Justice of the Supreme Court of Western Australia
- In office 24 December 1902 – 8 August 1929
- Preceded by: Frederick Moorhead
- Succeeded by: John Dwyer

Personal details
- Born: 22 April 1862 Nassau, Bahamas
- Died: 8 August 1929 (aged 67) Claremont, Western Australia, Australia

= Robert Bruce Burnside =

Australian barrister and judge

Robert Bruce Burnside (22 April 1862 – 8 August 1929) was an Australian barrister and judge. He served on the Supreme Court of Western Australia from December 1902 until his death in August 1929.

== Early life and education ==
Burnside was born in Nassau, Bahamas, to Mary Elizabeth (née Francis) and Bruce Lockhart Burnside. His father was the colony's solicitor-general at the time, and later served as Chief Justice of Ceylon. His brother was Edmund Burnside.

After attending the Royal Naval School in London, Burnside studied law, training as a barrister. He entered Lincoln's Inn in 1881 and was called to the bar in 1884, leaving for Western Australia later that year.

== Career ==

Burnside initially had his own firm in Perth, but later went into partnership with Douglas Gawler (a future member of parliament) in Fremantle. In January 1891, Burnside was appointed to the position of Usher of the Black Rod in the Legislative Council. He served until July 1894, when he was made crown solicitor (equivalent to solicitor-general).

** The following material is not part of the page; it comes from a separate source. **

(* Let $H$ be a separable infinite-dimensional Hilbert space, let $\{u_t\}_{t\in\mathbb{R}}$ be a one-parameter group of unitaries in $B(H)$, and let $\{\alpha_t\}_{t\in\mathbb{R}}$ be the group of automorphisms of $B(H)$ given by $\alpha_t(A)=u_tAu_t^*$. Then $\{u_t\}_{t\in\mathbb{R}}$ is UEC as a family of maps $H_1\to H_1$ if and only if $\{\alpha_t\}_{t\in\mathbb{R}}$ is UEC as a family of maps $B_1\to B_1$.
   Context: $H_1$ is the closed unit ball of $H$ and $B_1$ the closed unit ball of $B(H)$. $H_1$ carries the (weak) uniformity whose basic entourages are the sets $\{(x,y)\in H_1\times H_1: |\langle x-y,z_i\rangle|<\epsilon,\ i=1,\dots,N\}$ with $z_i\in H_1$, $N\in\mathbb{N}$, $\epsilon>0$; $B_1$ carries the (weak operator) uniformity whose basic entourages are the sets $\{(A,B)\in B_1\times B_1: |\langle (A-B)w_i,z_i\rangle|<\epsilon,\ i=1,\dots,N\}$ with $w_i,z_i\in H_1$, $N\in\mathbb{N}$, $\epsilon>0$ (for separable $H$ these are the uniformities of the metrizable weak, resp. weak operator, topologies on these compact balls). A family $\mathcal{F}$ of maps from a uniform space $X$ to itself is uniformly equicontinuous (UEC) if for every entourage $U$ there is an entourage $W$ such that $(x,y)\in W$ implies $(f(x),f(y))\in U$ for all $f\in\mathcal{F}$. *)

From Stdlib Require Import Reals.
Open Scope R_scope.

In December 1902, Burnside was appointed to the vacant fourth position on the Supreme Court, as a puisne justice. He succeeded Frederick Moorhead, who had died after only seven months in office, and joined Edward Stone (the chief justice), Stephen Henry Parker, and Robert McMillan on the bench. Early in 1903, Burnside was made president of the State Court of Arbitration, a position which at the time was held only by justices of the Supreme Court. He served several terms in the position, totalling almost ten years, and was generally considered impartial.

Burnside also occasionally presided over criminal trials, and headed two royal commissions in the late 1910s.

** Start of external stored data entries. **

(* Let $s$ be a non-null loop sequence in $\mathbb{Z}^d$ and let $s'$ be obtained from $s$ by a splitting operation. Then $\iota(s')<\iota(s)$.
   Context: $E$ is the set of directed nearest-neighbour edges of $\mathbb{Z}^d$; $e^{-1}$ is the reversed edge. Paths, closed paths and cycles (classes of closed paths under cyclic rotation) as usual; each cycle has a first edge fixed by an arbitrary rule and ''location $k$'' is its $k$-th edge. A closed path $e_1\cdots e_n$ has a backtrack at $i\le n-1$ if $e_{i+1}=e_i^{-1}$ and at $n$ if $e_1=e_n^{-1}$; successively erasing backtracks (removing both edges) until none remain gives a well-defined cycle $[\cdot]$. A loop is a cycle without backtracks (including the null loop). A loop sequence is a finite sequence of loops modulo inserting/deleting null loops; a non-null one has a minimal representation $(l_1,\dots,l_n)$ without null loops; its length is $|s|=\sum|l_i|$, its size is $\#s=n$, and its index is $\iota(s)=|s|-\#s$ (all zero for the null loop sequence). Splitting a loop $l$ at distinct locations $x,y$: if $l$ has edge $e$ at both, write $l=aebec$ (displayed $e$'s at $x,y$ respectively) and obtain the pair $([aec],[be])$; if $l$ has $e$ at $x$ and $e^{-1}$ at $y$, write $l=aebe^{-1}c$ and obtain $([ac],[b])$. A splitting of $s$ replaces one component $l_k$ of its minimal representation by the two loops of a splitting of $l_k$. *)

From mathcomp Require Import all_boot all_order all_algebra.
Set Implicit Arguments. Unset Strict Implicit. Unset Printing Implicit Defensive.
Import Order.TTheory GRing.Theory Num.Theory.

(* Vertices of Z^d and directed nearest-neighbour edges.
   An edge (v, i, b) goes from v to v + e_i (b = true) or v - e_i (b = false). *)
Definition vertex (d : nat) := {ffun 'I_d -> int}.
Definition edge (d : nat) := (vertex d * 'I_d * bool)%type.

Definition esrc d (e : edge d) : vertex d := e.1.1.
Definition etgt d (e : edge d) : vertex d :=
  [ffun j => (e.1.1 j + (if j == e.1.2 then (if e.2 then 1 else -1) else 0))%R].
Definition erev d (e : edge d) : edge d := (etgt e, e.1.2, ~~ e.2).

(* Cycles are
   represented by closed paths; two represent the same cycle iff they are
   cyclic rotations of each other. *)
Definition closed_path d (p : seq (edge d)) : bool :=
  cycle (fun e f => etgt e == esrc f) p.

Definition no_backtrack d (p : seq (edge d)) : bool :=
  cycle (fun e f => f != erev e) p.

Definition is_loop d (p : seq (edge d)) : bool := closed_path p && no_backtrack p.

Definition cycle_eq d (p q : seq (edge d)) : Prop := exists r, q = rot r p.

Inductive bt_step d : seq (edge d) -> seq (edge d) -> Prop :=
| bt_inner (p1 p2 : seq (edge d)) (e : edge d) :
    bt_step (p1 ++ e :: erev e :: p2) (p1 ++ p2)
| bt_wrap (p1 : seq (edge d)) (e : edge d) :
    bt_step (erev e :: rcons p1 e) p1.

(* reduces p q : q is obtained from p by successively erasing backtracks
   until none remain; q represents the cycle [p]. *)
Inductive reduces d : seq (edge d) -> seq (edge d) -> Prop :=
| red_done (p : seq (edge d)) : no_backtrack p -> reduces p p
| red_step (p q r : seq (edge d)) : bt_step p q -> reduces q r -> reduces p r.

(* Splitting of the loop l (at two distinct locations) into (l1, l2).
   "Write l = a e b e c" is an equality of cycles, i.e. some rotation of the
   representative l equals the path a e b e c; the two displayed occurrences
   are then at distinct locations of l, and every pair of distinct locations
   arises this way. *)
Definition split_loop d (l l1 l2 : seq (edge d)) : Prop :=
  (exists r (a b c : seq (edge d)) (e : edge d),
      rot r l = a ++ e :: b ++ e :: c /\
      reduces (a ++ e :: c) l1 /\ reduces (rcons b e) l2)
  \/
  (exists r (a b c : seq (edge d)) (e : edge d),
      rot r l = a ++ e :: b ++ erev e :: c /\
      reduces (a ++ c) l1 /\ reduces b l2).

(* Loop sequences: seq of loops, modulo insertion/deletion of null loops. *)
Definition minrep d (s : seq (seq (edge d))) : seq (seq (edge d)) :=
  [seq l <- s | l != [::]].

Definition lseq_eq d (s t : seq (seq (edge d))) : Prop :=
  size (minrep s) = size (minrep t) /\
  forall i, i < size (minrep s) ->
    cycle_eq (nth [::] (minrep s) i) (nth [::] (minrep t) i).

Definition lseq_length d (s : seq (seq (edge d))) : nat := sumn (map size (minrep s)).
Definition lseq_size d (s : seq (seq (edge d))) : nat := size (minrep s).
Definition lseq_index d (s : seq (seq (edge d))) : int :=
  ((lseq_length s)%:Z - (lseq_size s)%:Z)%R.

Definition splitting d (s s' : seq (seq (edge d))) : Prop :=
  exists k (l1 l2 : seq (edge d)),
    k < size (minrep s) /\
    split_loop (nth [::] (minrep s) k) l1 l2 /\
    lseq_eq s' (take k (minrep s) ++ l1 :: l2 :: drop k.+1 (minrep s)).

(** Since [ι(s)] is the sum of [|l| - 1] over the non-null loops [l] of [s],
    a splitting changes it only through the split loop, and
    [ι(l1) + ι(l2) < ι(l)]: before erasing backtracks (which only shortens),
    the two pieces use the edges of [l] minus one occurrence of [e], or minus
    both [e] and [e^{-1}]. *)
From mathcomp Require Import all_boot all_order all_algebra.
From mathcomp Require Import zify.
Import Order.TTheory GRing.Theory Num.Theory.

Set Implicit Arguments.
Unset Strict Implicit.
Unset Printing Implicit Defensive.

Lemma bt_step_size d (p q : seq (edge d)) : bt_step p q -> size q < size p.
Proof. by case=> [p1 p2 e|p1 e]; rewrite ?size_cat /= ?size_rcons; lia. Qed.

Lemma reduces_size d (p q : seq (edge d)) : reduces p q -> size q <= size p.
Proof.
elim=> // {}p {}q r /bt_step_size lt_qp _ le_rq.
by rewrite (leq_trans le_rq) // ltnW.
Qed.

Lemma split_loop_index d (l l1 l2 : seq (edge d)) :
  split_loop l l1 l2 -> (size l1).-1 + (size l2).-1 < (size l).-1.
Proof.
case=> -[r [a [b [c [e [def_l [/reduces_size le_l1 /reduces_size le_l2]]]]]]];
  move/(congr1 size): def_l; rewrite size_rot !size_cat /= ?size_cat /=;
  move: le_l1 le_l2; rewrite ?size_cat ?size_rcons /=; lia.
Qed.

Lemma lseq_length_sum d (s : seq (seq (edge d))) :
  lseq_length s = \sum_(l <- s) (size l).-1 + lseq_size s.
Proof.
rewrite /lseq_length /lseq_size /minrep.
elim: s => [|l s IH]; first by rewrite big_nil.
by rewrite big_cons; case: l => [|e l] //=; rewrite IH addnS addnA.
Qed.

Lemma lseq_index_sum d (s : seq (seq (edge d))) :
  lseq_index s = Posz (\sum_(l <- s) (size l).-1).
Proof. by rewrite /lseq_index lseq_length_sum PoszD addrK. Qed.

Lemma lseq_index_minrep d (s : seq (seq (edge d))) :
  lseq_index (minrep s) = lseq_index s.
Proof. by rewrite /lseq_index /lseq_length /lseq_size /minrep filter_id. Qed.

Lemma lseq_eq_index d (s t : seq (seq (edge d))) :
  lseq_eq s t -> lseq_index s = lseq_index t.
Proof.
move=> [eq_size eq_nth]; rewrite /lseq_index /lseq_size eq_size /lseq_length.
congr (Posz _ - _)%R; congr sumn.
apply: (@eq_from_nth _ 0); first by rewrite !size_map.
move=> i; rewrite size_map => lt_i.
rewrite (nth_map [::]) // (nth_map [::]) -?eq_size //.
by case: (eq_nth i lt_i) => r ->; rewrite size_rot.
Qed.

Theorem lemma9p8 (d : nat) (s s' : seq (seq (edge d))) :
  all (@is_loop d) s ->
  minrep s != [::] ->
  splitting s s' ->
  (lseq_index s' < lseq_index s)%R.
Proof.
move=> _ _ [k [l1 [l2 [lt_k [split_l eq_s']]]]].
rewrite (lseq_eq_index eq_s') -(lseq_index_minrep s) !lseq_index_sum ltz_nat.
rewrite -[in X in _ < X](cat_take_drop k (minrep s)) (drop_nth [::] lt_k).
rewrite !big_cat !big_cons /= ltn_add2l addnA ltn_add2r.
exact: split_loop_index.
Qed.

== Personal life and death ==
Burnside died at his home in Claremont in August 1929, after a brief period of ill health. He had married Mary Charity Bruce in 1887, with whom he had one son, Dr. Bruce Burnside. Outside of his professional career, he had a keen interest in water sport, serving as president of the West Australian Rowing Club and commodore of the Royal Perth Yacht Club.